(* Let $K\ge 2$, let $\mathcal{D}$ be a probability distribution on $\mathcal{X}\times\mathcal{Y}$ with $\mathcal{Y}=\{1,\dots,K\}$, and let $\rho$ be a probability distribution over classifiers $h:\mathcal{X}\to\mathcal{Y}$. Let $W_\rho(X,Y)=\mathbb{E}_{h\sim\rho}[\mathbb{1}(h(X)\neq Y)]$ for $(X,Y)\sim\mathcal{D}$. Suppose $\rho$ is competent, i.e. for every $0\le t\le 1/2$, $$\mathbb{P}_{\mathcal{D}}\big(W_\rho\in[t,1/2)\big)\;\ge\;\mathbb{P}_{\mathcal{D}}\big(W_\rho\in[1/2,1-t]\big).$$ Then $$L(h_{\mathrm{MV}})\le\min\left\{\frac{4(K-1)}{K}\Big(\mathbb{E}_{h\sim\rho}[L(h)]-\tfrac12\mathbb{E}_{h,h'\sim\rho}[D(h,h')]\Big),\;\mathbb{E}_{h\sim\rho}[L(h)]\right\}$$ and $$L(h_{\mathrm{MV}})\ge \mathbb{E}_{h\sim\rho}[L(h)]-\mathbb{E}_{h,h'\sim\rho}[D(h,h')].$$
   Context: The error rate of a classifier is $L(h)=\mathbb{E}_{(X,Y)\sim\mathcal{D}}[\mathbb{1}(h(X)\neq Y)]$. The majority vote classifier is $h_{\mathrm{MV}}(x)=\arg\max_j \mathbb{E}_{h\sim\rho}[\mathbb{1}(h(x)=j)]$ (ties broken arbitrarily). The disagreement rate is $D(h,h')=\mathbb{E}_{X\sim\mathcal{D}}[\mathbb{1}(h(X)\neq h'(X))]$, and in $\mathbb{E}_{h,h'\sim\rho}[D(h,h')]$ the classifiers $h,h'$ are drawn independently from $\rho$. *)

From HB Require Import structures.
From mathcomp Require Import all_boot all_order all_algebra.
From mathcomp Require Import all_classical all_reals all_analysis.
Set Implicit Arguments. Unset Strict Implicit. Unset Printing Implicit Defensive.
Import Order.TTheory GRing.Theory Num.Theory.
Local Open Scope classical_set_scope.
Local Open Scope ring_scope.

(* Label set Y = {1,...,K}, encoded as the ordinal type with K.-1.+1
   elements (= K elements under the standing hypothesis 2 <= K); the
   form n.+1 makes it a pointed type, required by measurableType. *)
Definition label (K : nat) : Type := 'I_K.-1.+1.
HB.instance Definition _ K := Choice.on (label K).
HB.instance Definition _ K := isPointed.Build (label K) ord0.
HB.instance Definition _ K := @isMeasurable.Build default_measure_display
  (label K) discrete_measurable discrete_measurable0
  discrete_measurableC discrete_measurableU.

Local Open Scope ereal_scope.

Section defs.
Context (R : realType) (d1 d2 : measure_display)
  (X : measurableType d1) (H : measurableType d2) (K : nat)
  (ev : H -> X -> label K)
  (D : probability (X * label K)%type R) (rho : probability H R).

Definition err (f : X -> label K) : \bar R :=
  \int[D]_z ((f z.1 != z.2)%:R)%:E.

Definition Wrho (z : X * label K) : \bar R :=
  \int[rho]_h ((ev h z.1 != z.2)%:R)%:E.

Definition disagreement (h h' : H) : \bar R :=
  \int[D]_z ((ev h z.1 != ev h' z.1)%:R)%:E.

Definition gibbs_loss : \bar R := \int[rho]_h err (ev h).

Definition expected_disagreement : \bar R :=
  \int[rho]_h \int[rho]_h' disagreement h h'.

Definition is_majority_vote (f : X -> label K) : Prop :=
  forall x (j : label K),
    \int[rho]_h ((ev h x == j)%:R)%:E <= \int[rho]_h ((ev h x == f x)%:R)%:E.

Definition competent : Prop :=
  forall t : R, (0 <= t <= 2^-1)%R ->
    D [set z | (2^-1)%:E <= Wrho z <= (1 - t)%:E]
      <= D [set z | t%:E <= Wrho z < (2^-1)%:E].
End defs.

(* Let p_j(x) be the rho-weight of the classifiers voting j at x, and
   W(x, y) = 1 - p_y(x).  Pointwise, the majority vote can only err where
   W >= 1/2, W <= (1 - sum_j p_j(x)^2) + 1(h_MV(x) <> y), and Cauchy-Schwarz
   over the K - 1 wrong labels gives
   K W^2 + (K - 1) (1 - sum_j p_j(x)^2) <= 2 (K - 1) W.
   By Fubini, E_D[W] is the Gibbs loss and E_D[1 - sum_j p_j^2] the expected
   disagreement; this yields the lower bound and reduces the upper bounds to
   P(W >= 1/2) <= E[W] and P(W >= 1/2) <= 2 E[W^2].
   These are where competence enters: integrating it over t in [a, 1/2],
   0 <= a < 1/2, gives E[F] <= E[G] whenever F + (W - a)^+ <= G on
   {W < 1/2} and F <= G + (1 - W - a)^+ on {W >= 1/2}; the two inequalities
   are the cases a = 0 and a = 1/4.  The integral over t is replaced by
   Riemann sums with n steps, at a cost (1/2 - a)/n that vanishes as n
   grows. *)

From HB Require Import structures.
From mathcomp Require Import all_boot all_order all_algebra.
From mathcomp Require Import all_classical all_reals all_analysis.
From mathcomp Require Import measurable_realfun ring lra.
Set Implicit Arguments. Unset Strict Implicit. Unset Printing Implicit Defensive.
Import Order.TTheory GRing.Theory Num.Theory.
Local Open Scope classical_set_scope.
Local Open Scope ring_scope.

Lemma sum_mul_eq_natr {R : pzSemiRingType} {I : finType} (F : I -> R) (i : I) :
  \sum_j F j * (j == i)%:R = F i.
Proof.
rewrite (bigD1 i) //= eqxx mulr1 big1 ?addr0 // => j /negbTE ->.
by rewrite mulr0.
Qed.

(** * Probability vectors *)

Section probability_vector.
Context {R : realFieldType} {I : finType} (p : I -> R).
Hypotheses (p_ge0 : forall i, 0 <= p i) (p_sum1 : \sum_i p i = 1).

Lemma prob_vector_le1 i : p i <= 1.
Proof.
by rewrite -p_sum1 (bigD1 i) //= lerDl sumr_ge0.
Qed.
::::::::::
* **Your instructions**: Without leaving anything out, repeat every entry shown above.

* **Answer area**:
(* Let $K\ge 2$, let $\mathcal{D}$ be a probability distribution on $\mathcal{X}\times\mathcal{Y}$ with $\mathcal{Y}=\{1,\dots,K\}$, and let $\rho$ be a probability distribution over classifiers $h:\mathcal{X}\to\mathcal{Y}$. Let $W_\rho(X,Y)=\mathbb{E}_{h\sim\rho}[\mathbb{1}(h(X)\neq Y)]$ for $(X,Y)\sim\mathcal{D}$. Suppose $\rho$ is competent, i.e. for every $0\le t\le 1/2$, $$\mathbb{P}_{\mathcal{D}}\big(W_\rho\in[t,1/2)\big)\;\ge\;\mathbb{P}_{\mathcal{D}}\big(W_\rho\in[1/2,1-t]\big).$$ Then $$L(h_{\mathrm{MV}})\le\min\left\{\frac{4(K-1)}{K}\Big(\mathbb{E}_{h\sim\rho}[L(h)]-\tfrac12\mathbb{E}_{h,h'\sim\rho}[D(h,h')]\Big),\;\mathbb{E}_{h\sim\rho}[L(h)]\right\}$$ and $$L(h_{\mathrm{MV}})\ge \mathbb{E}_{h\sim\rho}[L(h)]-\mathbb{E}_{h,h'\sim\rho}[D(h,h')].$$
   Context: The error rate of a classifier is $L(h)=\mathbb{E}_{(X,Y)\sim\mathcal{D}}[\mathbb{1}(h(X)\neq Y)]$. The majority vote classifier is $h_{\mathrm{MV}}(x)=\arg\max_j \mathbb{E}_{h\sim\rho}[\mathbb{1}(h(x)=j)]$ (ties broken arbitrarily). The disagreement rate is $D(h,h')=\mathbb{E}_{X\sim\mathcal{D}}[\mathbb{1}(h(X)\neq h'(X))]$, and in $\mathbb{E}_{h,h'\sim\rho}[D(h,h')]$ the classifiers $h,h'$ are drawn independently from $\rho$. *)

From HB Require Import structures.
From mathcomp Require Import all_boot all_order all_algebra.
From mathcomp Require Import all_classical all_reals all_analysis.
Set Implicit Arguments. Unset Strict Implicit. Unset Printing Implicit Defensive.
Import Order.TTheory GRing.Theory Num.Theory.
Local Open Scope classical_set_scope.
Local Open Scope ring_scope.

(* Label set Y = {1,...,K}, encoded as the ordinal type with K.-1.+1
   elements (= K elements under the standing hypothesis 2 <= K); the
   form n.+1 makes it a pointed type, required by measurableType. *)
Definition label (K : nat) : Type := 'I_K.-1.+1.
HB.instance Definition _ K := Choice.on (label K).
HB.instance Definition _ K := isPointed.Build (label K) ord0.
HB.instance Definition _ K := @isMeasurable.Build default_measure_display
  (label K) discrete_measurable discrete_measurable0
  discrete_measurableC discrete_measurableU.

Local Open Scope ereal_scope.

Section defs.
Context (R : realType) (d1 d2 : measure_display)
  (X : measurableType d1) (H : measurableType d2) (K : nat)
  (ev : H -> X -> label K)
  (D : probability (X * label K)%type R) (rho : probability H R).

Definition err (f : X -> label K) : \bar R :=
  \int[D]_z ((f z.1 != z.2)%:R)%:E.

Definition Wrho (z : X * label K) : \bar R :=
  \int[rho]_h ((ev h z.1 != z.2)%:R)%:E.

Definition disagreement (h h' : H) : \bar R :=
  \int[D]_z ((ev h z.1 != ev h' z.1)%:R)%:E.

Definition gibbs_loss : \bar R := \int[rho]_h err (ev h).

Definition expected_disagreement : \bar R :=
  \int[rho]_h \int[rho]_h' disagreement h h'.

Definition is_majority_vote (f : X -> label K) : Prop :=
  forall x (j : label K),
    \int[rho]_h ((ev h x == j)%:R)%:E <= \int[rho]_h ((ev h x == f x)%:R)%:E.

Definition competent : Prop :=
  forall t : R, (0 <= t <= 2^-1)%R ->
    D [set z | (2^-1)%:E <= Wrho z <= (1 - t)%:E]
      <= D [set z | t%:E <= Wrho z < (2^-1)%:E].
End defs.

(* Let p_j(x) be the rho-weight of the classifiers voting j at x, and
   W(x, y) = 1 - p_y(x).  Pointwise, the majority vote can only err where
   W >= 1/2, W <= (1 - sum_j p_j(x)^2) + 1(h_MV(x) <> y), and Cauchy-Schwarz
   over the K - 1 wrong labels gives
   K W^2 + (K - 1) (1 - sum_j p_j(x)^2) <= 2 (K - 1) W.
   By Fubini, E_D[W] is the Gibbs loss and E_D[1 - sum_j p_j^2] the expected
   disagreement; this yields the lower bound and reduces the upper bounds to
   P(W >= 1/2) <= E[W] and P(W >= 1/2) <= 2 E[W^2].
   These are where competence enters: integrating it over t in [a, 1/2],
   0 <= a < 1/2, gives E[F] <= E[G] whenever F + (W - a)^+ <= G on
   {W < 1/2} and F <= G + (1 - W - a)^+ on {W >= 1/2}; the two inequalities
   are the cases a = 0 and a = 1/4.  The integral over t is replaced by
   Riemann sums with n steps, at a cost (1/2 - a)/n that vanishes as n
   grows. *)

From HB Require Import structures.
From mathcomp Require Import all_boot all_order all_algebra.
From mathcomp Require Import all_classical all_reals all_analysis.
From mathcomp Require Import measurable_realfun ring lra.
Set Implicit Arguments. Unset Strict Implicit. Unset Printing Implicit Defensive.
Import Order.TTheory GRing.Theory Num.Theory.
Local Open Scope classical_set_scope.
Local Open Scope ring_scope.

Lemma sum_mul_eq_natr {R : pzSemiRingType} {I : finType} (F : I -> R) (i : I) :
  \sum_j F j * (j == i)%:R = F i.
Proof.
rewrite (bigD1 i) //= eqxx mulr1 big1 ?addr0 // => j /negbTE ->.
by rewrite mulr0.
Qed.

(** * Probability vectors *)

Section probability_vector.
Context {R : realFieldType} {I : finType} (p : I -> R).
Hypotheses (p_ge0 : forall i, 0 <= p i) (p_sum1 : \sum_i p i = 1).

Lemma prob_vector_le1 i : p i <= 1.
Proof.
by rewrite -p_sum1 (bigD1 i) //= lerDl sumr_ge0.
Qed.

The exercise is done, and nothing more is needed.